Взметнув плиссированною юбкою, Анечка с удовольствием села в тяжелое кресло, заботливо придвинутое дядей Сашей, небрежно повесила лакированную сумочку — случайно как раз к туфлям — на поручень кресла и туманно улыбнулась в пространство.

Шампанское сразу же ударило ей в голову, и тут почему-то, хотя разве удивительно поделиться радостью со старым другом, пришло ей на ум рассказывать дяде Саше о своей защите — его сестры не написали ей, щадя самолюбивую подругу, о потоке глупых ядовитых слов, которые со страстью излил дядя Саша как раз по поводу ее диссертации.

Рассказав милые и веселые подробности банкета, она — пьяная с непривычки голова, потерявшая бдительность, — легко перескочила на только что закончившееся совещание в Горьком, на беглый анализ выступлений крупнейших ученых страны и вдруг, всплеснув руками, попросила с девической непосредственностью еще одну бутылку крем-соды.

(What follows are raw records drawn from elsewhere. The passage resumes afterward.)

(* Suppose $\gamma=\lambda/L$ (so that $f_\gamma^\lambda=f_{1/L}$, where $f_{1/L}(z):=\min_yf(y)+\frac L2\|y-z\|^2$). Then for every $z\in\Omega_0$, $$\frac{f(z)-f_*}2\le f_{1/L}(z)-f_*\le f(z)-f_*.$$
   Context: $f:\mathbb{R}^d\to\mathbb{R}$ is closed, twice continuously differentiable with $\inf f=f_*>-\infty$ attained, $\tau$-weakly convex on $\mathbb{R}^d$ with $L\ge2\tau>0$, $\lambda>0$. For $\gamma>0$, $f_\gamma^\lambda(x):=\min_yf(y)+\frac\lambda{2\gamma}\|x-y\|^2$. $x_0\in\mathbb{R}^d$ is fixed, $\Delta:=f_\gamma^\lambda(x_0)-\min f_\gamma^\lambda$, $\Omega_0:=\{x:f_\gamma^\lambda(x)-\min f_\gamma^\lambda\le2\Delta\}$, $R_0=\sqrt{\Delta\gamma/(160\lambda)}$, $\Omega:=\mathrm{conv}(\{x:\exists w\in\Omega_0,\|x-w\|\le R_0\})$, and for all $x,y\in\Omega$: $\|\nabla f(x)-\nabla f(y)\|\le L\|x-y\|$ and $\|\nabla f(x)\|^2\le2L(f(x)-f_* )$. *)

From HB Require Import structures.
From mathcomp Require Import all_boot all_order all_algebra.
From mathcomp Require Import all_classical all_reals all_analysis.
Set Implicit Arguments. Unset Strict Implicit. Unset Printing Implicit Defensive.
Import Order.TTheory GRing.Theory Num.Theory.
Import numFieldNormedType.Exports.
Local Open Scope classical_set_scope.
Local Open Scope ring_scope.

Section Defs.
Variables (R : realType) (d : nat).
Notation V := 'rV[R]_d.

Definition enorm (x : V) : R := Num.sqrt (\sum_(i < d) x ord0 i ^+ 2).

Definition basis_vec (i : 'I_d) : V := delta_mx ord0 i.
Definition grad (f : V -> R) (x : V) : V := \row_i ('D_(basis_vec i) f x).

Definition C2 (f : V -> R) : Prop :=
  (forall x, differentiable f x) /\
  (forall i x, differentiable (fun y => 'D_(basis_vec i) f y) x) /\
  (forall i j, continuous (fun y => 'D_(basis_vec j) (fun z => 'D_(basis_vec i) f z) y)).

Definition closed_fun (f : V -> R) : Prop :=
  closed [set p : V * R | f p.1 <= p.2].

Definition convex_fun (g : V -> R) : Prop :=
  forall (x y : V) (t : R), 0 <= t <= 1 ->
    g (t *: x + (1 - t) *: y) <= t * g x + (1 - t) * g y.

Definition weakly_convex (tau : R) (f : V -> R) : Prop :=
  convex_fun (fun x => f x + tau / 2 * enorm x ^+ 2).

Definition convex_set_ (A : set V) : Prop :=
  forall (x y : V) (t : R), A x -> A y -> 0 <= t <= 1 -> A (t *: x + (1 - t) *: y).

Definition conv_hull (A : set V) : set V :=
  [set x | forall B : set V, convex_set_ B -> A `<=` B -> B x].

Definition menv (f : V -> R) (c : R) (z : V) : R :=
  inf [set f y + c / 2 * enorm (z - y) ^+ 2 | y in [set: V]].

Definition moreau (f : V -> R) (gamma lambda : R) (x : V) : R :=
  menv f (lambda / gamma) x.

Definition min_moreau (f : V -> R) (gamma lambda : R) : R :=
  inf (range (moreau f gamma lambda)).

Definition Delta (f : V -> R) (gamma lambda : R) (x0 : V) : R :=
  moreau f gamma lambda x0 - min_moreau f gamma lambda.

Definition Omega0 (f : V -> R) (gamma lambda : R) (x0 : V) : set V :=
  [set x | moreau f gamma lambda x - min_moreau f gamma lambda
           <= 2 * Delta f gamma lambda x0].

Definition R0 (f : V -> R) (gamma lambda : R) (x0 : V) : R :=
  Num.sqrt (Delta f gamma lambda x0 * gamma / (160 * lambda)).

Definition Omega (f : V -> R) (gamma lambda : R) (x0 : V) : set V :=
  conv_hull [set x | exists2 w, Omega0 f gamma lambda x0 w &
                     enorm (x - w) <= R0 f gamma lambda x0].

End Defs.

From HB Require Import structures.
From mathcomp Require Import all_boot all_order all_algebra.
From mathcomp Require Import all_classical all_reals all_analysis.
From mathcomp Require Import ring lra.
Import Order.TTheory GRing.Theory Num.Theory.
Import numFieldNormedType.Exports.
Local Open Scope classical_set_scope.
Local Open Scope ring_scope.

(* The envelope is bounded above by [f] (take [y = z]).  For the lower bound let
   [y] nearly minimize [f y + L/2 |z - y|^2].  If [y] is not too close to [z],
   then [f y <= menv f L z], so [y] is in the sublevel set [Omega0] and the segment
   [y, z] lies in [Omega]; there the descent lemma at [y], Young's inequality and
   [|grad f y|^2 <= 2L (f y - fstar)] give
   [f z - fstar <= 2 (f y + L/2 |z - y|^2 - fstar)].  If [y] is very close to [z],
   continuity of [f] gives the same bound up to an arbitrarily small error. *)

Section Euclidean.
Variables (R : realType) (d : nat).
Notation V := 'rV[R]_d.

Definition dot (a b : V) : R := \sum_(i < d) a ord0 i * b ord0 i.

Lemma dotBl (a b w : V) : dot (a - b) w = dot a w - dot b w.
Proof. by rewrite /dot -sumrB; apply: eq_bigr => i _; rewrite !mxE mulrBl. Qed.

Lemma enorm_sq (x : V) : enorm x ^+ 2 = \sum_(i < d) x ord0 i ^+ 2.
Proof. by rewrite /enorm sqr_sqrtr // sumr_ge0 // => i _; rewrite sqr_ge0. Qed.

Lemma enorm_ge0 (x : V) : 0 <= enorm x.
Proof. exact: sqrtr_ge0. Qed.

Lemma enorm0 : enorm (0 : V) = 0.
Proof. by rewrite /enorm big1 ?sqrtr0 // => i _; rewrite mxE expr0n. Qed.

Lemma enormZ (t : R) (x : V) : 0 <= t -> enorm (t *: x) = t * enorm x.
Proof.
move=> t_ge0; rewrite /enorm (eq_bigr (fun i => t ^+ 2 * x ord0 i ^+ 2)).
  by rewrite -mulr_sumr sqrtrM ?sqr_ge0 // sqrtr_sqr ger0_norm.
by move=> i _; rewrite mxE exprMn.
Qed.

Lemma enorm_coord (x : V) i : `|x ord0 i| <= enorm x.
Proof.
rewrite -sqrtr_sqr /enorm ler_sqrt; last by rewrite sumr_ge0 // => j _; rewrite sqr_ge0.
by rewrite (bigD1 i) //= lerDl sumr_ge0 // => j _; rewrite sqr_ge0.
Qed.

Lemma dot_young (c : R) (a b : V) : 0 < c ->
  dot a b <= c / 2 * enorm a ^+ 2 + c^-1 / 2 * enorm b ^+ 2.
Proof.
move=> c_gt0; rewrite !enorm_sq !mulr_sumr -big_split; apply: ler_sum => i _ /=.
set x := a ord0 i; set y := b ord0 i.
have -> : c / 2 * x ^+ 2 + c^-1 / 2 * y ^+ 2 = x * y + (c * x - y) ^+ 2 / (2 * c).
  by field; rewrite gt_eqF.
by rewrite lerDl divr_ge0 ?sqr_ge0 // mulr_ge0 // ltW.
Qed.

(* A substitute for Cauchy-Schwarz: Young's inequality with weight [k^-1]. *)
Lemma dot_le_dominated (k : R) (a b : V) : 0 < k -> enorm a <= k * enorm b ->
  dot a b <= k * enorm b ^+ 2.
Proof.
move=> k_gt0 ab; have := dot_young (k^-1) a b; rewrite invr_gt0 invrK => /(_ k_gt0).
have a2 : enorm a ^+ 2 <= k ^+ 2 * enorm b ^+ 2.
  by rewrite -exprMn lerXn2r ?nnegrE ?enorm_ge0 ?(le_trans (enorm_ge0 _) ab).
have : k^-1 / 2 * enorm a ^+ 2 <= k / 2 * enorm b ^+ 2.
  have -> : k / 2 * enorm b ^+ 2 = k^-1 / 2 * (k ^+ 2 * enorm b ^+ 2).
    by field; rewrite gt_eqF.
  by rewrite ler_wpM2l // divr_ge0 // invr_ge0 ltW.
lra.
Qed.

Lemma derive_grad (f : V -> R) x v : differentiable f x ->
  'D_v f x = dot (grad f x) v.
Proof.
move=> df; rewrite deriveE // {1}(row_sum_delta v) linear_sum /dot.
by apply: eq_bigr => i _; rewrite linearZ /= mxE deriveE // mulrC.
Qed.

Lemma is_derive_line (f : V -> R) (y v : V) (t : R) : derivable f (y + t *: v) v ->
  is_derive t 1 (fun s => f (y + s *: v)) ('D_v f (y + t *: v)).
Proof.
have quot_eq : (fun h : R => h^-1 *: (((fun s => f (y + s *: v)) \o shift t) (h *: 1)
                                      - f (y + t *: v)))
   = (fun h => h^-1 *: ((f \o shift (y + t *: v)) (h *: v) - f (y + t *: v))).
  by apply: funext => h /=; rewrite [h%:A]mulr1 scalerDl addrCA.
by move=> dv; apply: DeriveDef; rewrite ?/derivable /derive quot_eq.
Qed.

Lemma descent_lemma (f : V -> R) (T : set V) (L : R) (y v : V) :
  (forall x, differentiable f x) -> 0 < L ->
  (forall t, 0 <= t <= 1 -> T (y + t *: v)) ->
  (forall x x', T x -> T x' -> enorm (grad f x - grad f x') <= L * enorm (x - x')) ->
  f (y + v) <= f y + dot (grad f y) v + L / 2 * enorm v ^+ 2.
Proof.
move=> f_diff L_gt0 T_seg grad_lip.
set g0 := dot (grad f y) v; set K := L / 2 * enorm v ^+ 2.
pose id_R : R -> R := id.
pose psi : R -> R := (fun s => f (y + s *: v)) - g0 \*: id_R - K \*: (id_R * id_R).
have psi_derive (t : R) :
    is_derive t 1 psi (dot (grad f (y + t *: v) - grad f y) v - K * (2 * t)).
  have := is_derive_line f y v t (diff_derivable (v := v) (f_diff (y + t *: v))).
  rewrite derive_grad // dotBl => dphi.
  apply: (is_derive_eq (is_deriveB (is_deriveB dphi (is_deriveZ g0 (is_derive_id t 1)))
     (is_deriveZ K (is_deriveM (is_derive_id t 1) (is_derive_id t 1))))).
  by rewrite /GRing.scale /= -/g0; ring.
have psi_cont : {within `[0, 1], continuous psi}.
  by apply: derivable_within_continuous => t _; case: (psi_derive t).
have [c /[!in_itv] /andP [c_gt0 c_lt1] psi_mvt] :=
  MVT ltr01 (fun t _ => psi_derive t) psi_cont.
have grad_c : enorm (grad f (y + c *: v) - grad f y) <= L * c * enorm v.
  have := grad_lip _ _ (T_seg c _) (T_seg 0 _).
  rewrite scale0r addr0 addrAC subrr add0r enormZ ?mulrA; last exact: ltW.
  by apply; rewrite ?lexx ?ler01 // !ltW.
have psi_le : psi 1 <= psi 0.
  rewrite -subr_le0 psi_mvt subr0 mulr1 subr_le0.
  have := dot_le_dominated _ _ _ (mulr_gt0 L_gt0 c_gt0) grad_c.
  by rewrite /K; lra.
move: psi_le; rewrite /psi /id_R !fctE /= scale1r scale0r addr0 /GRing.scale /= -/g0; lra.
Qed.

Lemma continuous_enorm_lt (f : V -> R) (z : V) : {for z, continuous f} ->
  forall e, 0 < e -> exists2 del, 0 < del &
    forall y, enorm (z - y) < del -> `|f z - f y| < e.
Proof.
move=> fz e e_gt0; have /cvgr_dist_lt /(_ e e_gt0) /nbhs_ballP [del del_gt0 fball] := fz.
exists del => // y zy; apply: fball; split => // i j; rewrite (ord1 i).
by have := enorm_coord (z - y) j; rewrite !mxE => /le_lt_trans; apply.
Qed.

Section MoreauEnvelope.
Variables (f : V -> R) (c fstar : R).
Hypotheses (c_ge0 : 0 <= c) (f_ge : forall x, fstar <= f x).

Let penalty_ge0 (x y : V) : 0 <= c / 2 * enorm (x - y) ^+ 2.
Proof. by rewrite mulr_ge0 ?sqr_ge0 ?divr_ge0. Qed.

Let penalized_has_lbound (x : V) :
  has_lbound [set f y + c / 2 * enorm (x - y) ^+ 2 | y in [set: V]].
Proof. by exists fstar => _ [y _ <-]; rewrite -[fstar]addr0 lerD. Qed.

Lemma menv_le x y : menv f c x <= f y + c / 2 * enorm (x - y) ^+ 2.
Proof. by apply: ge_inf; [apply: penalized_has_lbound | exists y]. Qed.

Lemma menv_le_self x : menv f c x <= f x.
Proof. by have := menv_le x x; rewrite subrr enorm0 expr0n /= mulr0 addr0. Qed.

Lemma menv_ge x : fstar <= menv f c x.
Proof.
apply: lb_le_inf; first by exists (f x + c / 2 * enorm (x - x) ^+ 2), x.
by move=> _ [y _ <-]; rewrite -[fstar]addr0 lerD.
Qed.

Lemma menv_approx x e : 0 < e ->
  exists y, f y + c / 2 * enorm (x - y) ^+ 2 < menv f c x + e.
Proof.
move=> e_gt0.
have nonempty : [set f y + c / 2 * enorm (x - y) ^+ 2 | y in [set: V]] !=set0.
  by exists (f x + c / 2 * enorm (x - x) ^+ 2), x.
have [|_ [y _ <-] ?] := inf_lt nonempty (_ : menv f c x < menv f c x + e).
  by rewrite ltrDl.
by exists y.
Qed.

End MoreauEnvelope.

Section EnvelopeHalfBound.
Variables (f : V -> R) (L fstar : R) (S T : set V).
Hypotheses (f_diff : forall x, differentiable f x) (L_gt0 : 0 < L)
  (f_ge : forall x, fstar <= f x).
Hypothesis S_segment :
  forall y z, S y -> S z -> forall t, 0 <= t <= 1 -> T (y + t *: (z - y)).
Hypothesis S_menv_le : forall y z, S z -> menv f L y <= menv f L z -> S y.
Hypothesis grad_lip :
  forall x x', T x -> T x' -> enorm (grad f x - grad f x') <= L * enorm (x - x').
Hypothesis grad_sq_le : forall x, T x -> enorm (grad f x) ^+ 2 <= 2 * L * (f x - fstar).

Lemma gap_le_penalized y z : S z -> f y <= menv f L z ->
  f z - fstar <= 2 * (f y + L / 2 * enorm (z - y) ^+ 2 - fstar).
Proof.
move=> Sz fy_le.
have Sy : S y.
  apply: (S_menv_le y z Sz); apply: le_trans fy_le.
  exact: menv_le_self f L fstar (ltW L_gt0) f_ge y.
have Ty : T y.
  by have := S_segment y z Sy Sz 0; rewrite scale0r addr0; apply; rewrite lexx ler01.
have := descent_lemma f T L y (z - y) f_diff L_gt0 (S_segment y z Sy Sz) grad_lip.
rewrite addrC subrK => descent.
have := dot_young (L^-1) (grad f y) (z - y); rewrite invr_gt0 invrK => /(_ L_gt0) young.
have : L^-1 / 2 * enorm (grad f y) ^+ 2 <= f y - fstar.
  have -> : f y - fstar = L^-1 / 2 * (2 * L * (f y - fstar)) by field; rewrite gt_eqF.
  by rewrite ler_wpM2l ?grad_sq_le // divr_ge0 // invr_ge0 ltW.
lra.
Qed.

Lemma menv_ge_half z : S z -> (f z - fstar) / 2 <= menv f L z - fstar.
Proof.
move=> Sz; set m := menv f L z.
suff : f z - fstar <= 2 * (m - fstar) by lra.
apply/ler_addgt0Pr => e e_gt0.
have e2_gt0 : 0 < e / 2 by rewrite divr_gt0.
have [del del_gt0 fz_near] :=
  continuous_enorm_lt _ _ (differentiable_continuous (f_diff z)) _ e2_gt0.
have m_ge : fstar <= m := menv_ge f L fstar (ltW L_gt0) f_ge z.
pose eps := Num.min (e / 4) (L * del ^+ 2 / 4).
have eps_gt0 : 0 < eps by rewrite lt_min !divr_gt0 ?mulr_gt0 ?exprn_gt0.
have eps_le_e : eps <= e / 4 by rewrite ge_min lexx.
have [y y_near] := menv_approx f L z _ eps_gt0.
have [far|near] := leP eps (L / 2 * enorm (z - y) ^+ 2).
  have fy_le : f y <= m by lra.
  have := gap_le_penalized y z Sz fy_le; lra.
have zy_lt : enorm (z - y) < del.
  have eps_le_del : eps <= L * del ^+ 2 / 4 by rewrite ge_min lexx orbT.
  have Ldel_gt0 : 0 < L * del ^+ 2 by rewrite mulr_gt0 ?exprn_gt0.
  rewrite -(ltr_pXn2r (n := 2)) ?nnegrE ?enorm_ge0 ?ltW // -(ltr_pM2l L_gt0).
  lra.
have penalty_ge0 : 0 <= L / 2 * enorm (z - y) ^+ 2.
  by rewrite mulr_ge0 ?sqr_ge0 ?divr_ge0 ?ltW.
have := fz_near y zy_lt; have := ler_norm (f z - f y); lra.
Qed.

End EnvelopeHalfBound.

Lemma conv_hull_segment (A : set V) x y t : A x -> A y -> 0 <= t <= 1 ->
  conv_hull A (t *: x + (1 - t) *: y).
Proof. by move=> Ax Ay t01 B B_convex AB; apply: B_convex => //; apply: AB. Qed.

Section Sublevel.
Variables (f : V -> R) (gamma lambda : R) (x0 : V).

Lemma Omega_segment y z : Omega0 f gamma lambda x0 y -> Omega0 f gamma lambda x0 z ->
  forall t, 0 <= t <= 1 -> Omega f gamma lambda x0 (y + t *: (z - y)).
Proof.
move=> Oy Oz t t01.
have -> : y + t *: (z - y) = t *: z + (1 - t) *: y.
  by apply/rowP => i; rewrite !mxE; ring.
by apply: conv_hull_segment => //; [exists z | exists y]; rewrite // subrr enorm0 sqrtr_ge0.
Qed.

Lemma Omega0_moreau_le y z : Omega0 f gamma lambda x0 z ->
  moreau f gamma lambda y <= moreau f gamma lambda z -> Omega0 f gamma lambda x0 y.
Proof. by rewrite /Omega0 /=; lra. Qed.

End Sublevel.

Lemma moreau_menv (f : V -> R) (gamma lambda L : R) : 0 < lambda -> 0 < L ->
  gamma = lambda / L -> moreau f gamma lambda = menv f L.
Proof.
by move=> lambda_gt0 L_gt0 ->; apply: funext => x; rewrite /moreau invf_div mulrC divfK ?gt_eqF.
Qed.

End Euclidean.

Theorem lemma15 (R : realType) (d : nat) (f : 'rV[R]_d -> R)
  (tau L lambda gamma fstar : R) (x0 : 'rV[R]_d) :
  closed_fun f ->
  C2 f ->
  (forall x, fstar <= f x) -> (exists x, f x = fstar) ->
  weakly_convex tau f ->
  0 < 2 * tau -> 2 * tau <= L ->
  0 < lambda -> 0 < gamma ->
  (forall x y, Omega f gamma lambda x0 x -> Omega f gamma lambda x0 y ->
     enorm (grad f x - grad f y) <= L * enorm (x - y)) ->
  (forall x, Omega f gamma lambda x0 x ->
     enorm (grad f x) ^+ 2 <= 2 * L * (f x - fstar)) ->
  gamma = lambda / L ->
  forall z, Omega0 f gamma lambda x0 z ->
    (f z - fstar) / 2 <= menv f L z - fstar /\ menv f L z - fstar <= f z - fstar.
Proof.
move=> _ [f_diff _] f_ge _ _ tau_gt0 tau_le_L lambda_gt0 _ grad_lip grad_sq_le gammaE z Oz.
have L_gt0 : 0 < L by lra.
have moreauE : moreau f gamma lambda = menv f L by apply: moreau_menv.
split; last by have := @menv_le_self _ _ f L fstar (ltW L_gt0) f_ge z; lra.
apply: (@menv_ge_half _ _ f L fstar (Omega0 f gamma lambda x0) (Omega f gamma lambda x0)) => //.
  exact: Omega_segment.
by move=> y w; rewrite -!moreauE; apply: Omega0_moreau_le.
Qed.
(* Let $q$ be a prime power, $n\ge1$, and let $k$ be an integer with $n(q-1)-\frac{q-1}{2}<k\le n(q-1)$. Put $\ell=n(q-1)-k$. Then \[\dim(\operatorname{Hull}(C_{n,k}^q))=\dim(C_{n,\ell}^q)-1=\binom{n+\ell}{\ell}-1.\]
   Context: For a prime power $q$ and integers $n\ge 1$, $k\ge 0$, the projective Reed-Muller code $C_{n,k}^q\subseteq \mathbb{F}_q^N$, $N=\frac{q^{n+1}-1}{q-1}$, is defined as follows. For each point of $\mathbb{P}^n(\mathbb{F}_q)$ choose the affine representative $(p_0,\dots,p_n)\in\mathbb{F}_q^{n+1}\setminus\{0\}$ whose left-most nonzero coordinate equals $1$, and fix an ordering $P_1',\dots,P_N'$ of these representatives. Then $C_{n,k}^q=\{(F(P_1'),\dots,F(P_N')) : F\in \mathbb{F}_q[x_0,\dots,x_n]_k\}$, where $\mathbb{F}_q[x_0,\dots,x_n]_k$ is the space of homogeneous polynomials of degree $k$ together with $0$ (so $C_{n,0}^q$ is spanned by the all-ones vector). Duals are with respect to the standard dot product, and $\operatorname{Hull}(C)=C\cap C^\perp$. *)

From HB Require Import structures.
From mathcomp Require Import all_boot all_order all_algebra all_field.
From mathcomp Require Import mpoly.
From Stdlib Require Import ClassicalEpsilon.

Set Implicit Arguments.
Unset Strict Implicit.
Unset Printing Implicit Defensive.

Import GRing.Theory.
Local Open Scope ring_scope.

Section ProjRM.
Variable F : finFieldType.
Variable n : nat. (* projective dimension; coordinates x_0 .. x_n *)

(* affine representative whose left-most nonzero coordinate equals 1 *)
Definition normalized_rep (v : 'rV[F]_(n.+1)) : bool :=
  [exists i : 'I_(n.+1),
     (v 0 i == 1) && [forall j : 'I_(n.+1), (j < i)%N ==> (v 0 j == 0)]].

Definition proj_points : {set 'rV[F]_(n.+1)} := [set v | normalized_rep v].

Definition Npts : nat := #|proj_points|.

Definition point (i : 'I_Npts) : 'rV[F]_(n.+1) := enum_val i.

Definition eval_vec (P : {mpoly F[n.+1]}) : 'rV[F]_Npts :=
  \row_(i < Npts) P.@[fun j => point i 0 j].

(* membership in C_{n,k}^q : evaluation vector of a homogeneous polynomial of
   degree k or of 0 (0 is k.-homog in mpoly) *)
Definition in_PRM (k : nat) (c : 'rV[F]_Npts) : bool :=
  if excluded_middle_informative
       (exists P : {mpoly F[n.+1]}, P \is k.-homog /\ eval_vec P = c)
  then true else false.

Definition PRM (k : nat) : {vspace 'rV[F]_Npts} :=
  <<[seq c <- enum 'rV[F]_Npts | in_PRM k c]>>%VS.

Definition dotp (u v : 'rV[F]_Npts) : F := \sum_(i < Npts) u 0 i * v 0 i.

Definition dual_code (C : {vspace 'rV[F]_Npts}) : {vspace 'rV[F]_Npts} :=
  <<[seq v <- enum 'rV[F]_Npts |
       [forall c : 'rV[F]_Npts, (c \in C) ==> (dotp c v == 0%R)]]>>%VS.

Definition hull (C : {vspace 'rV[F]_Npts}) : {vspace 'rV[F]_Npts} :=
  (C :&: dual_code C)%VS.

End ProjRM.

From HB Require Import structures.
From mathcomp Require Import all_boot all_order all_algebra all_field.
From mathcomp Require Import fingroup cyclic mpoly.
From mathcomp Require Import zify ring.
From Stdlib Require Import ClassicalEpsilon.
Set Implicit Arguments. Unset Strict Implicit. Unset Printing Implicit Defensive.
Import GRing.Theory.
Local Open Scope ring_scope.

(* Put l = n(q - 1) - k, so that 2l < q - 1. Summing a form over the projective
   points reduces to products of power sums \sum_x x^e, which vanish unless e is
   a positive multiple of q - 1. Hence C_{n,l} is orthogonal to C_{n,k}, and
   pairing x^s with x^((q - 1) - t) for exponent vectors s, t of degree l gives
   (-1)^n [s = t], so the monomials of degree l form a basis of C_{n,l}. Each of
   them except x_n^l also lies in C_{n,k}: multiply it by a form of degree k - l
   equal to 1 wherever the monomial is nonzero. This gives dim Hull >= C(n+l,l) - 1.
   Conversely, expanding the indicator functions of points in monomials shows that
   F^N = C_{n,k} + span {x^((q - 1) - t)}, so dim C_{n,k}^perp <= C(n+l,l); and
   x_n^l lies in C_{n,k}^perp without being self-orthogonal, so the hull is a
   proper subspace of C_{n,k}^perp. *)

Section FiniteField.
Variable F : finFieldType.
Local Notation q := #|F|.

Lemma natr_card : q%:R = 0 :> F.
Proof.
(* Lagrange's theorem in the additive group of F. *)
have := @expg_cardG _ (setT_group F) (GRing.one F) (in_setT _).
by rewrite cardsT.
Qed.
(* Fix the plaintexts x and x' and write d for the difference of their first l
   bits.  A collision forces u' = u, v' = v and k' = k + d, and then, on the last
   n - l bits, (u d)_lsb = the difference of the last n - l bits of x and x'.
   If d = 0 this holds for every u when x = x' and for no u otherwise; if d <> 0,
   u |-> u d is a bijection of GF(2^lam), so at most 2^(lam - (n - l)) keys u
   qualify.  Averaging over x, x' turns the indicator of x = x' into the
   collision probability 2^(-H_2(X)). *)

Lemma card_bits m : #|{: bits m}| = (2 ^ m)%N.
Proof. by rewrite card_mx card_Fp // mul1n. Qed.

Section PolyOfBits.

Variable m : nat.
Implicit Types a b w : bits m.

Lemma poly_of_bitsE w :
  poly_of_bits w = \poly_(i < m) (if insub i is Some j then w 0 j else 0).
Proof. by rewrite poly_def; apply: eq_bigr => j _; rewrite valK. Qed.

Lemma coef_poly_of_bits w (j : 'I_m) : (poly_of_bits w)`_j = w 0 j.
Proof. by rewrite poly_of_bitsE coef_poly ltn_ord valK. Qed.

Lemma size_poly_of_bits w : (size (poly_of_bits w) <= m)%N.
Proof. by rewrite poly_of_bitsE size_poly. Qed.

Lemma poly_of_bitsD a b : poly_of_bits (a + b) = poly_of_bits a + poly_of_bits b.
Proof. by rewrite -big_split; apply: eq_bigr => j _; rewrite mxE scalerDl. Qed.

Lemma poly_of_bitsN a : poly_of_bits (- a) = - poly_of_bits a.
Proof. by rewrite -sumrN; apply: eq_bigr => j _; rewrite mxE scaleNr. Qed.

Lemma poly_of_bits0 : poly_of_bits (0 : bits m) = 0.
Proof. by rewrite /poly_of_bits big1 // => j _; rewrite mxE scale0r. Qed.

Lemma poly_of_bits_inj : injective (@poly_of_bits m).
Proof.
move=> a b eq_ab; apply/rowP => j.
by rewrite -!coef_poly_of_bits eq_ab.
Qed.

Lemma poly_of_bits_eq0 w : (poly_of_bits w == 0) = (w == 0).
Proof.
apply/eqP/eqP => [w0 | ->]; last exact: poly_of_bits0.
by apply: poly_of_bits_inj; rewrite w0 poly_of_bits0.
Qed.

End PolyOfBits.

Section LsbMul.

Variables (p : {poly 'F_2}) (lam l n : nat) (u : bits lam).

Lemma lsb_mulD (a b : bits l) :
  lsb_mul p n u (a + b) = lsb_mul p n u a + lsb_mul p n u b.
Proof. by apply/rowP => i; rewrite !mxE poly_of_bitsD mulrDr modpD coefD. Qed.

Lemma lsb_mul0 : lsb_mul p n u (0 : bits l) = 0.
Proof. by apply/rowP => i; rewrite !mxE poly_of_bits0 mulr0 mod0p coef0. Qed.

End LsbMul.

Lemma eq_poly_low_high (R : nzRingType) (q r : {poly R}) (m d : nat) :
  (size q <= d)%N -> (size r <= d)%N ->
  (forall i, (i < m)%N -> q`_i = r`_i) ->
  (forall j, (j < d - m)%N -> q`_(j + m) = r`_(j + m)) -> q = r.
Proof.
move=> szq szr low high; apply/polyP => i.
have [/low // | le_m_i] := ltnP i m.
have [lt_i_d | le_d_i] := ltnP i d; last first.
  by rewrite !nth_default // (leq_trans _ le_d_i).
by rewrite -(subnK le_m_i) high // ltn_sub2r // (leq_ltn_trans le_m_i).
Qed.

Section ModularProduct.

Variables (p : {poly 'F_2}) (lam : nat).
Hypotheses (hp : irreducible_poly p) (hsize : size p = lam.+1).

Дядя Саша подозвал официанта, крем-соду заказал, но поведение Анечки стало казаться ему неестественным, манеры экзальтированными, и, слушая с угрюмой враждебностью, которую она все не замечала, эйфорически-маниакальный бред по поводу люцерны, хлеба, земли и будущих урожаев — и это после двух лет удушающей засухи, — он раздражался все более. Он налил себе водки, дрожащей от злости рукою, и выпил один, не чокаясь. Теперь она рассказывала дяде Саше о визите Трофима Денисовича — она так и говорила «Трофим Денисович» — к ним в институт.